Court Opinion

ID: 5417548
Source: CourtListenerOpinion
Date Created: 2022-01-08 16:20:57.000313+00
Date Added: 2024-06-11T08:31:05.270897
License: Public Domain

Delehanty, J.
The tenant herein occupied certain premises at 133 West Forty-second street in the city of New York under a lease which provided that within five years from the 1st day of May, 1906, it should have the privilege to tear down the building on the premises and erect a new one in its place, but if it did not exercise the privilege, within the time specified, the landlord shall thereafter have the right upon giving six "months’ notice in writing, and upon payment of $10,000 to cancel the lease for the purpose of erecting said building on the premises.
Upon the trial it appeared that both parties to the lease failed to take any action under the foregoing provisions. It did appear, however, that the landlord entered into a contract for the sale of the premises, and that the purchaser thereof, the plaintiff herein, on October 29, 1919, prior to taking title, gave written notice in its own name to the defendant to remove at the end of six months, effective May 1, 1920. The court below has held that this notice was sufficient, and has granted the final order applied for. Such order, however, cannot be sustained.
*623When plaintiff gave notice to remove it had not yet taken title to the premises, and under the law of this state, such notice did not operate to cancel the lease or require the tenant to quit the premises. In a similar situation the Court of Appeals in the case of Reeder v. Sayre, 70 N. Y. 180, said: “And now comes the query, whether Sayre, being only the vendee by contract, and not having yet a legal title to the land, could give a notice to quit which would operate to affect the rights of the Reeders (the lessees) * * * Sayre (lessor’s vendee) did give notice to quit, sufficient in form and substance, if he had a right to give that notice. But he was not, until after the day last named, the owner of the legal title. Before that he had but an equitable title, which might or might not become a legal title. * * * The tenant is to act upon the notice at the time it is given; hence it ought to be such a one as he can act upon with safety. * * * The equitable owner of the title cannot give such a notice.”
Other authorities to the same effect are Scheele v. Waldman, 136 App. Div. 679; Stoddard v. Winter Realties, Inc., 179 N. Y, Supp. 741, 743; Griffin v. Barton, 22 Misc. 228; 2 Tiffany Landl. & Ten. § 198, p. 1438.
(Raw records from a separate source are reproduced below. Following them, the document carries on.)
(* Let the alphabet be countable, $\mathcal S$ the set of sentences, $\widehat{\mathcal I}$ the set of separating interpretations, and $\widehat{\mathcal B}$ the Borel $\sigma$-algebra on $\widehat{\mathcal I}$. Let $\mu:\mathcal S\to\mathbb R$ be a Gaifman probability on sentences. Then there exists a unique (countably additive) probability measure $\widehat\mu^*:\widehat{\mathcal B}\to\mathbb R$ such that $\widehat\mu^*(\widehat{\mathrm{Mod}}(\varphi))=\mu(\varphi)$ for each $\varphi\in\mathcal S$.
   Context: Setting: higher-order logic (Church's simple theory of types, without a description operator), with Henkin semantics: an interpretation $I$ consists of domains $D_\alpha$ ($D_o=\{\mathsf T,\mathsf F\}$, $D_{\alpha\to\beta}$ a set of functions) and a valuation of constants (equality denoting identity) such that every term has a denotation; $V(t,I)$ is the denotation of a closed term $t$. An alphabet is countable if its set of constants is countable. Sentences are closed terms of type $o$; a sentence is valid if true in every interpretation. $I$ is separating if for every pair $r,s$ of closed terms of the same function type $\alpha\to\beta$ with $V(r,I)\neq V(s,I)$ there is a closed term $t$ of type $\alpha$ (over the alphabet) with $V((r\,t),I)\neq V((s\,t),I)$. $\widehat{\mathrm{Mod}}(\varphi)=\{I\in\widehat{\mathcal I}:\varphi\text{ is valid in }I\}$; these sets form a basis of a topology on $\widehat{\mathcal I}$ and $\widehat{\mathcal B}$ is its Borel $\sigma$-algebra. A probability on sentences is a non-negative $\mu:\mathcal S\to\mathbb R$ with $\mu(\varphi)=1$ for valid $\varphi$ and $\mu(\varphi\vee\psi)=\mu(\varphi)+\mu(\psi)$ whenever $\neg(\varphi\wedge\psi)$ is valid. $\mu$ is Gaifman if for every pair $r,s$ of closed terms of the same function type $\alpha\to\beta$, $\mu(r=s)=\inf_{\{t_1,\dots,t_n\}}\mu(\bigwedge_{i=1}^n((r\,t_i)=(s\,t_i)))$ over all finite sets of closed terms of type $\alpha$. *)

From Stdlib Require Import Reals List.
Open Scope R_scope.

Set Implicit Arguments.
Lemma psexp_shift a b q : a 0%N = 0 -> a * b = b * a + q -> GRing.comm q a ->
  psexp a * b = (b + q) * psexp a.
Proof.
move=> a0 ab qa.
have abk k : a ^+ k.+1 * b = b * a ^+ k.+1 + k.+1%:R *: (q * a ^+ k).
  elim: k => [|k IHk]; first by rewrite expr1 expr0 mulr1 scale1r.
  rewrite exprS -mulrA IHk mulrDr mulrA ab mulrDl -mulrA -exprS -scalerAr.
  rewrite [a * (q * _)]mulrA -qa -mulrA -exprS -addrA; congr (_ + _).
  by rewrite -[k.+2]add1n natrD scalerDl scale1r.
have trunc m : exp_trunc m.+1 a * b = b * exp_trunc m.+1 a + q * exp_trunc m a.
  rewrite /exp_trunc mulr_suml !mulr_sumr big_ord_recl [X in _ = X + _]big_ord_recl.
  rewrite -addrA; congr (_ + _); first by rewrite -scalerAl -scalerAr !expr0 mul1r mulr1.
  rewrite -big_split; apply: eq_bigr => i _ /=.
  by rewrite -scalerAl -scalerAr abk scalerDr scalerA fact_scaleS -scalerAr.
apply: eq_from_below => m n ltnm; have ltnSm := ltnW ltnm.
rewrite (eq_belowMr b (psexp_trunc (m:=m.+1) a0) ltnSm) trunc mulrDl !ps_addE.
rewrite (eq_belowMl b (psexp_trunc (m:=m.+1) a0) ltnSm).
by rewrite (eq_belowMl q (psexp_trunc (m:=m) a0) ltnm).
Qed.

Lemma psexp0 : psexp 0 = 1 :> ps A.
Proof.
apply/funext => n; rewrite psexpE /pseries big_ord_recl /= invr1 scale1r.
by rewrite big1 ?addr0 // => i _; rewrite expr0n scaler0.
Qed.

Lemma big_psexp_psXi (r : seq nat) (F : nat -> A) :
  {in r &, forall s t, GRing.comm (F s) (F t)} ->
  \prod_(s <- r) psexp (psXi (F s)) = psexp (psXi (\sum_(s <- r) F s)).
Proof.
elim: r => [|s r IHr] Fr; first by rewrite !big_nil raddf0 psexp0.
have Fr' : {in r &, forall s t, GRing.comm (F s) (F t)}.
  by move=> a b ar br; apply: Fr; rewrite inE ?ar ?br orbT.
rewrite !big_cons IHr // raddfD /= psexpD //; try by apply: coef_comm_psXi_psXi.
apply: coef_comm_psXi_psXi; rewrite big_seq; apply: commr_sum => t tr.
by apply: Fr; rewrite inE ?eqxx ?tr ?orbT.
Qed.

Lemma psexp_intertwine_ln1p h g b : h 0%N = 0 -> g 0%N = 0 ->
  coef_comm h h -> coef_comm g g -> coef_comm h g ->
  h * b = b * (h + psln1p g) -> psexp h * b = b * (1 + g) * psexp h.
Proof.
move=> h0 g0 hh gg hg hb; set L := psln1p g.
have L0 : L 0%N = 0 by apply: psln1p0E.
have LL : coef_comm L L by apply: coef_comm_psln1pl => //; apply: coef_comm_psln1pr.
have hL : coef_comm h L by apply: coef_comm_psln1pr.
have hL0 : (h + L) 0%N = 0 by rewrite ps_addE h0 L0 addr0.
rewrite !psexpE (pseries_intertwine _ h0 hL0 hb) -!psexpE psexpD //.
rewrite psexp_psln1p // -mulrA; congr (_ * _); apply/commr_sym/coef_comm_comm.
apply: coef_comm_psexpr => //; apply: coef_commDl; first exact: coef_comm1l.
exact: coef_comm_sym.
Qed.

End EulerOperator.

Lemma prod_intertwine (R : pzRingType) (G : nat -> R) m k0 P Q : (k0 < m)%N ->
  (forall k, (k < k0)%N -> G k * P = P * G k) ->
  G k0 * P = Q * G k0 ->
  (forall k, (k0 < k < m)%N -> G k * Q = Q * G k) ->
  \prod_(k <- rev (iota 0 m)) G k * P = Q * \prod_(k <- rev (iota 0 m)) G k.
Proof.
move=> k0m below at_k0 above.
have iotaS j : rev (iota 0 j.+1) = j :: rev (iota 0 j).
  by rewrite -addn1 iotaD rev_cat /= add0n.
have low j : (j <= k0)%N ->
    \prod_(k <- rev (iota 0 j)) G k * P = P * \prod_(k <- rev (iota 0 j)) G k.
  elim: j => [|j IHj] ljk; first by rewrite big_nil mul1r mulr1.
  by rewrite iotaS big_cons -mulrA IHj ?(ltnW ljk) // !mulrA below.
elim: m k0m above => [|m IHm] // k0m above.
rewrite iotaS big_cons; move: k0m; rewrite ltnS leq_eqVlt => /orP[/eqP <-|k0m].
  by rewrite -mulrA low // mulrA at_k0 mulrA.
rewrite -mulrA IHm ?mulrA ?above //; first by rewrite k0m leqnn.
by move=> k /andP[k0k km]; apply: above; rewrite k0k ltnS ltnW.
Qed.

Lemma comm_mul_opposite_weights (R : pzRingType) (B : algType R) (X Y Hx Hy : B) (d1 d2 : R) :
  Hx * X = X * Hx - d1 *: X -> Hy * Y = Y * Hy - d2 *: Y ->
  GRing.comm Hy X -> GRing.comm Hx Y -> d1 + d2 = 0 ->
  GRing.comm (X * Y) (Hx + Hy).
Proof.
move=> HxX HyY HyX HxY d12; rewrite /GRing.comm mulrDl !mulrA HxX HyX.
rewrite -[X * Hy * Y]mulrA HyY mulrBl -[X * Hx * Y]mulrA HxY mulrBr !mulrA.
by rewrite -scalerAl -scalerAr addrACA -opprD -scalerDl d12 scale0r subr0 mulrDr.
Qed.

Lemma commr_prod (R : pzSemiRingType) (I : eqType) (r : seq I) (F : I -> R) (u : R) :
  {in r, forall i, GRing.comm u (F i)} -> GRing.comm u (\prod_(i <- r) F i).
Proof.
move=> uF; rewrite big_seq; apply: (big_ind (GRing.comm u)) => //; first exact: commr1.
exact: commrM.
Qed.

Section GlRelations.
Variables (C : fieldType) (A : algType C) (N : nat).

Definition glidx i := (0 < i <= N)%N.

Lemma sum_delta_scale (r : seq nat) p (F : nat -> A) : uniq r ->
  \sum_(m <- r) ((m == p)%:R : C) *: F m = ((p \in r)%:R : C) *: F p.
Proof.
move=> ur; have [pr|pNr] := boolP (p \in r).
  rewrite (bigD1_seq p) //= eqxx scale1r big1 ?addr0 // => m /negbTE ->.
  by rewrite scale0r.
rewrite scale0r big1_seq // => m /andP[_ mr].
have /negbTE -> : m != p by apply: contraNneq pNr => <-.
by rewrite scale0r.
Qed.

Variable e : nat -> nat -> A.
Hypothesis he : gl_family N e.

Lemma gl_mulC i j k l : glidx i -> glidx j -> glidx k -> glidx l ->
  e i j * e k l = e k l * e i j + (((j == k)%:R : C) *: e i l - ((l == i)%:R : C) *: e k j).
Proof. by move=> *; rewrite -he // addrC subrK. Qed.

Lemma gl_comm i j k l : glidx i -> glidx j -> glidx k -> glidx l -> j != k -> l != i ->
  GRing.comm (e i j) (e k l).
Proof.
by move=> ? ? ? ? /negbTE jk /negbTE li; rewrite /GRing.comm gl_mulC // jk li !scale0r subrr addr0.
Qed.

Lemma diag_sum_mulC (r : seq nat) p q : uniq r -> {in r, forall m, glidx m} ->
  glidx p -> glidx q ->
  (\sum_(m <- r) e m m) * e p q =
  e p q * (\sum_(m <- r) e m m) + (((p \in r)%:R - (q \in r)%:R : C) *: e p q).
Proof.
move=> ur rr rp rq; rewrite mulr_suml mulr_sumr.
rewrite (eq_big_seq (fun m => e p q * e m m +
   (((m == p)%:R : C) *: e p q - ((m == q)%:R : C) *: e p q))); last first.
  move=> m mr; rewrite gl_mulC ?(rr m mr) //; congr (_ + (_ - _)).
    by case: eqP => [->|]; rewrite ?scale0r ?scale1r.
  by rewrite eq_sym; case: eqP => [->|]; rewrite ?scale0r ?scale1r.
by rewrite big_split /= sumrB !sum_delta_scale // scalerBl.
Qed.

Lemma mem_glrange m : (m \in index_iota 1 N.+1) = glidx m.
Proof. by rewrite mem_index_iota ltnS. Qed.

Lemma comm_glI p q : glidx p -> glidx q -> GRing.comm (glI N e) (e p q).
Proof.
move=> rp rq; rewrite /GRing.comm /glI diag_sum_mulC ?iota_uniq //.
  by rewrite !mem_glrange rp rq subrr scale0r addr0.
by move=> m; rewrite mem_glrange.
Qed.

Lemma HP_mulC a p q : glidx a -> glidx p -> glidx q ->
  HP N e a * e p q = e p q * HP N e a + (((a == p)%:R - (q == a)%:R : C) *: e p q).
Proof.
move=> ra rp rq; rewrite /HP mulrBl mulrBr -scalerAl comm_glI // scalerAr.
rewrite gl_mulC // scalerBl addrAC; congr (_ + _).
by congr (_ - _); case: eqP => [->|]; rewrite ?scale0r ?scale1r.
Qed.

Lemma HP_mul_row a b : glidx a -> glidx b -> b != a ->
  HP N e a * e a b = e a b * (HP N e a + 1).
Proof.
move=> ra rb /negbTE ba; rewrite HP_mulC // ba eqxx subr0 scale1r.
by rewrite [RHS]mulrDr mulr1.
Qed.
There are other points raised by counsel for consideration herein, but in the view that we take of this matter, it is unnecessary to discuss them. We prefer to rest our decision herein upon the failure to give the notice required by law.
Order reversed, with thirty dollars costs, and petition dismissed, with costs.
Finch, J., taking no part; Bijur, J., concurs.
Order reversed, with thirty dollars costs.